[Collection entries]
(* Let $X\subset\mathbf P$ be a quasismooth hypersurface defined by $f\in S_\beta$. If $h\in J(f)$ is homogeneous of degree $(d+1)\beta-2\beta_0$, then the Čech cocycle $\left\{\dfrac{h\,c_I^\beta\,\hat x_I\,\Omega}{f_{i_0}\cdots f_{i_d}}\right\}_{I=(i_0,\dots,i_d)}$ in $C^d(\mathcal U,\Omega^d_{\mathbf P})$ is a Čech coboundary. Consequently, the assignment $h\mapsto$ (class of this cocycle) induces a well-defined map $\lambda:R(f)_{(d+1)\beta-2\beta_0}\to H^d(\mathbf P,\Omega^d_{\mathbf P})=H^{d,d}(\mathbf P)$.
   Context: $\mathbf P$ is a complete simplicial toric variety of dimension $d$ with primitive ray generators $e_1,\dots,e_n$, divisors $D_1,\dots,D_n$, homogeneous coordinate ring $S=\mathbb C[x_1,\dots,x_n]$ graded by $A_{d-1}(\mathbf P)$ with $\deg x_i=[D_i]$, $\beta_0=\sum_i\deg x_i$, $f_i=\partial f/\partial x_i$. $X$ quasismooth means the $f_i$ have no common zero on $\mathbf P$; $\mathcal U=\{U_i\}$, $U_i=\{f_i\ne0\}$. $J(f)=\langle f_1,\dots,f_n\rangle$, $R(f)=S/J(f)$. Fix a basis $m_1,\dots,m_d$ of $M$; $\hat x_I=\prod_{i\notin I}x_i$; $\Omega=\sum_{|I|=d}\det(e_I)\hat x_I dx_I$ where $\det(e_I)=\det(\langle m_j,e_{i_k}\rangle)$. For $\beta=[\sum b_iD_i]$ and ordered $I=(i_0,\dots,i_d)$, $c_I^\beta$ is the determinant of the $(d+1)\times(d+1)$ matrix with first row $(b_{i_0},\dots,b_{i_d})$ and further rows $(\langle m_j,e_{i_0}\rangle,\dots,\langle m_j,e_{i_d}\rangle)$, $j=1,\dots,d$. *)

From mathcomp Require Import all_boot all_algebra.
From mathcomp Require Import reals.
From mathcomp Require Import complex.
From mathcomp Require Import mpoly.
Set Implicit Arguments. Unset Strict Implicit. Unset Printing Implicit Defensive.
Import GRing.Theory Num.Theory.
Local Open Scope ring_scope.

Section ToricCech.
Variables (R : realType) (d n : nat).
(* e i = coordinates of the primitive ray generator e_i in the basis of N dual
   to the fixed basis m_1..m_d of M, i.e. (e i) 0 j = <m_j, e_i>. *)
Variable e : 'I_n -> 'rV[int]_d.

Definition ray (i : 'I_n) : 'rV[R]_d := map_mx (fun z : int => z%:~R) (e i).

Definition in_cone (s : {set 'I_n}) (v : 'rV[R]_d) : Prop :=
  exists lam : 'I_n -> R,
    [/\ forall i, 0 <= lam i, forall i, i \notin s -> lam i = 0
      & v = \sum_i lam i *: ray i].

Definition complete_simplicial_fan (Sigma : {set {set 'I_n}}) : Prop :=
  injective e /\
      (forall i, forall k : int, (forall j : 'I_d, (k %| e i ord0 j)%Z) -> `|k| = 1) /\
      (forall i, [set i] \in Sigma) /\
      (forall s t : {set 'I_n}, s \in Sigma -> t \subset s -> t \in Sigma) /\
      (forall s, s \in Sigma -> forall lam : 'I_n -> R,
        (forall i, i \notin s -> lam i = 0) -> \sum_i lam i *: ray i = 0 ->
        forall i, lam i = 0) /\
      (forall s t : {set 'I_n}, s \in Sigma -> t \in Sigma -> forall v,
        in_cone s v -> in_cone t v -> in_cone (s :&: t) v) /\
      (forall v, exists2 s, s \in Sigma & in_cone s v).

Notation C := (R[i]).
Notation S := {mpoly C[n]}.

Definition pairing (u : 'rV[int]_d) (i : 'I_n) : int := \sum_j u 0 j * e i 0 j.

(* p is homogeneous of degree beta = [sum_i b_i D_i] in A_{d-1}(P):
   every monomial x^a of p has a - b in the image of M -> Z^n *)
Definition is_homog (b : 'I_n -> int) (p : S) : Prop :=
  forall m, m \in msupp p ->
    exists u : 'rV[int]_d, forall i, (m i)%:Z - b i = pairing u i.

(* X = V(f) quasismooth: the partials f_i have no common zero on P,
   i.e. every common zero in C^n lies in the exceptional set Z(Sigma) =
   V(x^_sigma : sigma in Sigma). *)
Definition quasismooth (Sigma : {set {set 'I_n}}) (f : S) : Prop :=
  forall z : 'I_n -> C, (forall i, (mderiv i f).@[z] = 0) ->
    forall s, s \in Sigma -> \prod_(i | i \notin s) z i = 0.

Definition in_jacobian (f h : S) : Prop :=
  exists g : 'I_n -> S, h = \sum_i g i * mderiv i f.

Definition incr p (I : {ffun 'I_p -> 'I_n}) : Prop :=
  forall a b : 'I_p, (a < b)%N -> (I a < I b)%N.

Definition face (I : {ffun 'I_d.+1 -> 'I_n}) (t : 'I_d.+1) : {ffun 'I_d -> 'I_n} :=
  [ffun k => I (lift t k)].

Definition cI (b : 'I_n -> int) (I : {ffun 'I_d.+1 -> 'I_n}) : int :=
  \det (\matrix_(r < d.+1, c < d.+1)
          if unlift ord0 r is Some j then e (I c) 0 j else b (I c)).

Definition xhat p (I : {ffun 'I_p -> 'I_n}) : S :=
  \prod_(i | i \notin codom I) 'X_i.

Definition fprod p (f : S) (I : {ffun 'I_p -> 'I_n}) : S :=
  \prod_(t < p) mderiv (I t) f.

(* equality a / g^p = a' / g^p' in the localization S_g *)
Definition loc_eq (g a : S) (p : nat) (a' : S) (p' : nat) : Prop :=
  exists N : nat, g ^+ N * (a * g ^+ p' - a' * g ^+ p) = 0.

(* representative of the degree k * deg(f_J) - beta_0 in Z^n, where
   deg f_j = beta - [D_j] and beta_0 = [sum_i D_i] *)
Definition omega_deg (b : 'I_n -> int) (k : nat) (J : {ffun 'I_d -> 'I_n})
  : 'I_n -> int :=
  fun i => k%:Z * (d%:Z * b i - (\sum_(t < d) (J t == i))%:Z) - 1.

(* The Cech cochain I |-> h c_I^beta \hat x_I Omega / (f_{i_0}...f_{i_d})
   in C^d(U, Omega^d_P) is a coboundary: there is a (d-1)-cochain
   omega_J = G_J Omega / (f_{j_0}...f_{j_{d-1}})^k, with G_J of degree
   k deg(f_J) - beta_0 (so that omega_J is a section of Omega^d_P over U_J),
   whose Cech differential is that cochain. *)
Definition cech_coboundary (b : 'I_n -> int) (f h : S) : Prop :=
  exists k : nat, exists G : {ffun 'I_d -> 'I_n} -> S,
    (forall J, incr J -> is_homog (omega_deg b k J) (G J)) /\
    forall I : {ffun 'I_d.+1 -> 'I_n}, incr I ->
      loc_eq (fprod f I)
        (\sum_(t < d.+1) (-1) ^+ t * G (face I t) * mderiv (I t) f ^+ k) k
        (h * ((cI b I)%:~R)%:MP * xhat I) 1.

End ToricCech.

(* Write h = sum_j g_j f_j.  For a (d+1)-tuple I and an index j, the
   (d+2)x(d+2) determinant with columns (b_k, <m_1,e_k>, ..., <m_d,e_k>),
   k in (j, I), vanishes when a row is repeated; its Laplace expansions give
   weights w_s = (-1)^s c^beta_{(j,I) minus s} killing both beta and every ray,
   so the toric Euler formula turns them into
     sum_t (-1)^t c^beta_{(j, I minus i_t)} x_{i_t} f_{i_t} = c^beta_I x_j f_j.
   Multiplying by \hat x_I shows that G_J = sum_j c^beta_{(j,J)} \hat x_{(j,J)} g_j
   has Cech differential exactly h c^beta_I \hat x_I Omega / f_I, with no power
   of f_I needed.  Replacing G_J by its homogeneous component of the degree of
   a section over U_J changes nothing, because the target is homogeneous and
   multiplication by f_{i_t} shifts all degrees uniformly. *)

From HB Require Import structures.
From mathcomp Require Import all_boot all_algebra.
From mathcomp Require Import reals complex mpoly boolp.
From mathcomp Require Import ring zify.
Set Implicit Arguments. Unset Strict Implicit. Unset Printing Implicit Defensive.
Import GRing.Theory Num.Theory.
Local Open Scope ring_scope.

PROBLEM TO WORK ON
Output, please, only the lines running from the start of the entries through the line that contains "Variable e : 'I_n -> 'rV[int]_d.", including both of those lines.

RESULT FOR THIS TASK
(* Let $X\subset\mathbf P$ be a quasismooth hypersurface defined by $f\in S_\beta$. If $h\in J(f)$ is homogeneous of degree $(d+1)\beta-2\beta_0$, then the Čech cocycle $\left\{\dfrac{h\,c_I^\beta\,\hat x_I\,\Omega}{f_{i_0}\cdots f_{i_d}}\right\}_{I=(i_0,\dots,i_d)}$ in $C^d(\mathcal U,\Omega^d_{\mathbf P})$ is a Čech coboundary. Consequently, the assignment $h\mapsto$ (class of this cocycle) induces a well-defined map $\lambda:R(f)_{(d+1)\beta-2\beta_0}\to H^d(\mathbf P,\Omega^d_{\mathbf P})=H^{d,d}(\mathbf P)$.
   Context: $\mathbf P$ is a complete simplicial toric variety of dimension $d$ with primitive ray generators $e_1,\dots,e_n$, divisors $D_1,\dots,D_n$, homogeneous coordinate ring $S=\mathbb C[x_1,\dots,x_n]$ graded by $A_{d-1}(\mathbf P)$ with $\deg x_i=[D_i]$, $\beta_0=\sum_i\deg x_i$, $f_i=\partial f/\partial x_i$. $X$ quasismooth means the $f_i$ have no common zero on $\mathbf P$; $\mathcal U=\{U_i\}$, $U_i=\{f_i\ne0\}$. $J(f)=\langle f_1,\dots,f_n\rangle$, $R(f)=S/J(f)$. Fix a basis $m_1,\dots,m_d$ of $M$; $\hat x_I=\prod_{i\notin I}x_i$; $\Omega=\sum_{|I|=d}\det(e_I)\hat x_I dx_I$ where $\det(e_I)=\det(\langle m_j,e_{i_k}\rangle)$. For $\beta=[\sum b_iD_i]$ and ordered $I=(i_0,\dots,i_d)$, $c_I^\beta$ is the determinant of the $(d+1)\times(d+1)$ matrix with first row $(b_{i_0},\dots,b_{i_d})$ and further rows $(\langle m_j,e_{i_0}\rangle,\dots,\langle m_j,e_{i_d}\rangle)$, $j=1,\dots,d$. *)

From mathcomp Require Import all_boot all_algebra.
From mathcomp Require Import reals.
From mathcomp Require Import complex.
From mathcomp Require Import mpoly.
Set Implicit Arguments. Unset Strict Implicit. Unset Printing Implicit Defensive.
Import GRing.Theory Num.Theory.
Local Open Scope ring_scope.

Section ToricCech.
Variables (R : realType) (d n : nat).
(* e i = coordinates of the primitive ray generator e_i in the basis of N dual
   to the fixed basis m_1..m_d of M, i.e. (e i) 0 j = <m_j, e_i>. *)
Variable e : 'I_n -> 'rV[int]_d.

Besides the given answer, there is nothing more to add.